**Supplied information**
Lemma sat_frenames src N p e : (forall i, N <= src i)%N ->
  sat e (frenames src N p) <-> sat (fun i => if (i < N)%N then e (src i) else e i) p.
Proof.
elim: N e => [|N IH] e srcN.
  by rewrite (_ : (fun i => _) = e) //; apply: funext.
rewrite sat_frename; last by move=> E; have := srcN N; rewrite -E ltnn.
rewrite IH => [|i]; last exact: ltnW.
rewrite (_ : (fun i => _) = (fun i => if (i < N.+1)%N then e (src i) else e i)) //.
apply: funext => i; rewrite /upd (gtn_eqF (srcN i)).
have [iN|Ni] := ltnP i N; first by rewrite ltnS ltnW.
by case: eqP => [->|/eqP iN]; rewrite ?ltnSn // ltnS leq_eqVlt ltnNge Ni (negbTE iN).
Qed.

Lemma sat_finst n k phi xs ys e : is_formula_xy n k phi ->
  (forall i, n + k <= xs i)%N -> (forall j, n + k <= ys j)%N ->
  sat e (finst n k xs ys phi) <->
  holds phi (fun l : 'I_n => e (xs l)) (fun j : 'I_k => e (ys j)).
Proof.
move=> phixy xsnk ysnk; rewrite /finst sat_frenames; last by move=> i; case: ifP.
suff env_eq d : sat (fun i => if (i < n + k)%N then e (if (i < n)%N then xs i else ys (i - n))
  else e i) phi <-> sat (envxy (fun l : 'I_n => e (xs l)) (fun j : 'I_k => e (ys j)) d) phi.
  by split=> [H d|H]; [apply/env_eq|apply/(env_eq (e 0))].
apply: eq_sat => i /phixy ink; rewrite ink /envxy.
case: insubP => [i' -> <-|] //; rewrite -leqNgt => nlei; rewrite ltnNge nlei /=.
by case: insubP => [j' _ <-|] //; rewrite ltn_subLR // ink.
Qed.

End Syntax.

Lemma leq_bigmax_In (T : Type) (F : T -> nat) (s : seq T) x :
  List.In x s -> (F x <= \max_(y <- s) F y)%N.
Proof.
elim: s => [//|y s IH] /= [<-|/IH xs]; rewrite big_cons; first exact: leq_maxl.
exact: leq_trans xs (leq_maxr _ _).
Qed.

Lemma In_cover (A B : Type) (F : seq A -> B) (l : seq B) :
  (forall x, List.In x l -> exists s, x = F s) ->
  exists s0, forall x, List.In x l ->
    exists2 s, x = F s & forall a, List.In a s -> List.In a s0.
Proof.
elim: l => [|x l IH] lF; first by exists [::].
have [s0 Hs0] := IH (fun y yl => lF y (or_intror yl)).
have [s ->] := lF x (or_introl erefl).
exists (s ++ s0) => y [<-|/Hs0 [s' -> s's0]].
  by exists s => // a sa; apply: List.in_or_app; left.
by exists s' => // a /s's0 as0; apply: List.in_or_app; right.
Qed.

Section CountableTypes.
Variables (L : language) (M : structure L).
Hypothesis Msat : aleph1_saturated M.
Variable U : nat -> nat.
Hypotheses (U_neq0 : forall t, U t <> 0) (U_ge : forall t, (t <= U t)%N).

Definition depends_only (phi : formula L) (D : set nat) :=
  forall e1 e2 : nat -> M, (forall i, D i -> e1 i = e2 i) -> (sat e1 phi <-> sat e2 phi).

Definition vars_before (B : nat) : set nat :=
  [set i | i <> 0 /\ forall t, (B <= t)%N -> i <> U t].

Definition agree_off (T : nat) (w e : nat -> M) :=
  forall i, (forall t, (T <= t)%N -> i <> U t) -> w i = e i.

Definition finsat_from (I : Type) (th : I -> formula L) (T : nat) (e : nat -> M) :=
  forall s : seq I, exists2 w, agree_off T w e & forall i, List.In i s -> sat w (th i).

Section Step.
Variables (I : Type) (th : I -> formula L) (bnd : I -> nat).
Hypothesis th_dep : forall i, depends_only (th i) (vars_before (bnd i)).

Lemma finsat_from_step T e :
  finsat_from th T e -> exists m, finsat_from th T.+1 (upd e (U T) m).
Proof.
(* Saturation realizes, as the new value of [U T], all the formulas "some
   values of the later variables satisfy s" over the parameters [e]. *)
move=> finT.
pose later s := map U (iota T.+1 (\max_(i <- s) bnd i)).
pose chi s := frename (U T) 0 (fexs (later s) (fconj (map th s))).
pose mix s f m := fun i => if i \in later s then f i else upd e (U T) m i.
have laterP s j : j \in later s -> exists2 t, (T < t)%N & j = U t.
  by move=> /mapP [t]; rewrite mem_iota => /andP[Tt _] ->; exists t.
have chiP s m : sat (upd e 0 m) (chi s) <->
    exists f, forall i, List.In i s -> sat (mix s f m) (th i).
  rewrite sat_frename //; have -> : upd e 0 m 0 = m by rewrite /upd eqxx.
  have env_mix f i : sat (fun j => if j \in later s then f j else upd (upd e 0 m) (U T) m j)
      (th i) <-> sat (mix s f m) (th i).
    apply: th_dep => j [j0 _]; rewrite /mix /upd; case: ifP => //= _.
    by case: eqP => // _; rewrite (introF eqP j0).
  rewrite sat_fexs; split=> [[f /sat_fconj Hf]|[f Hf]]; exists f.
    by move=> i si; apply/env_mix; apply: Hf; apply: List.in_map.
  by apply/sat_fconj => _ /List.in_map_iff [i [<- si]]; apply/env_mix; apply: Hf.
have [m Hm] : exists m, forall x, (exists s, x = (chi s, e)) -> sat (upd x.2 0 m) x.1.
  apply: (@Msat e (fun x => exists s, x = (chi s, e))) => [x [s ->] i _|l Hl]; first by exists i.
  have [s0 Hs0] := In_cover (F := fun s => (chi s, e)) Hl.
  have [w we ws0] := finT s0.
  exists (w (U T)) => _ /Hs0 [s -> ss0]; apply/chiP; exists w => i si.
  apply/(th_dep (e2 := w)); last exact: ws0 (ss0 _ si).
  move=> j [_ j_early]; rewrite /mix; case: ifP => // j_later; rewrite /upd.
  case: eqP => [->//|jUT]; apply/esym/(we j) => t Tt jUt.
  have [tb|bt] := ltnP t (bnd i); last exact: j_early bt jUt.
  move/negP: j_later; apply; rewrite jUt map_f // mem_iota.
  have := leq_bigmax_In bnd si; move: Tt; rewrite leq_eqVlt => /orP[/eqP Tt|]; last by lia.
  by case: jUT; rewrite jUt Tt.
exists m => s; have [f Hf] := proj1 (chiP s m) (Hm _ (ex_intro _ s erefl)).
by exists (mix s f m) => // j jU; rewrite /mix; case: ifP => // /laterP [t Tt jUt]; case: (jU t).
Qed.

End Step.

Lemma finsat_realized (I : Type) (th : I -> formula L) e :
  (forall i, exists B, depends_only (th i) (vars_before B)) ->
  finsat_from th 0 e -> exists2 w, agree_off 0 w e & forall i, sat w (th i).
Proof.
move=> /choice [bnd th_dep] fin0.
have step (ET : (nat -> M) * nat) : exists m, finsat_from th ET.2 ET.1 ->
    finsat_from th ET.2.+1 (upd ET.1 (U ET.2) m).
  case: ET => E T; have [/(finsat_from_step th_dep) [m Hm]|nfin] := pselect (finsat_from th T E).
    by exists m => _.
  by exists (E 0) => /nfin.
have [f Hf] := choice step.
pose env := fix env T := if T is T'.+1 then upd (env T') (U T') (f (env T', T')) else e.
have env_fin T : finsat_from th T (env T) by elim: T => // T IH; apply: (Hf (env T, T)).
have env_stable T T' i : (T <= T')%N -> (forall t, (T <= t)%N -> i <> U t) ->
    env T' i = env T i.
  elim: T' => [|T' IH]; first by rewrite leqn0 => /eqP ->.
  rewrite leq_eqVlt => /orP[/eqP->//|]; rewrite ltnS => TT' iU.
  by rewrite /= /upd; case: eqP => [iUT'|_]; [case: (iU T')|exact: IH].
exists (fun i => env i.+1 i) => [i iU|i]; first by rewrite (env_stable 0) // => t _; apply: iU.
have [w wenv /(_ i (or_introl erefl)) wi] := env_fin (bnd i) [:: i].
suff agree j : vars_before (bnd i) j -> env j.+1 j = w j by apply/(th_dep i _ _ agree).
move=> [_ j_early]; rewrite wenv //.
have j_late t : (j < t)%N -> j <> U t by move=> jt jUt; have := U_ge t; rewrite -jUt leqNgt jt.
rewrite -(env_stable (bnd i) (maxn (bnd i) j.+1)) ?leq_maxl //.
by rewrite (env_stable j.+1) ?leq_maxr.
Qed.

End CountableTypes.

Definition tuple_at (T : Type) (d : T) (k : nat) (y : 'I_k -> T) (t : nat) : T :=
  if insub t is Some j then y j else d.

Lemma tuple_at_ord (T : Type) (d : T) k (y : 'I_k -> T) (j : 'I_k) : tuple_at d y j = y j.
Proof. by rewrite /tuple_at valK. Qed.

Definition flat_tuples (T : Type) (d : T) (n : nat) (A : nat -> 'I_n -> T) (t : nat) : T :=
  tuple_at d (A (t %/ n)) (t %% n).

**What is required**
Scan the material above. Extract every line in which the word "Definition" occurs.

**Result of the task**
Definition depends_only (phi : formula L) (D : set nat) :=
Definition vars_before (B : nat) : set nat :=
Definition agree_off (T : nat) (w e : nat -> M) :=
Definition finsat_from (I : Type) (th : I -> formula L) (T : nat) (e : nat -> M) :=
Definition tuple_at (T : Type) (d : T) (k : nat) (y : 'I_k -> T) (t : nat) : T :=
Definition flat_tuples (T : Type) (d : T) (n : nat) (A : nat -> 'I_n -> T) (t : nat) : T :=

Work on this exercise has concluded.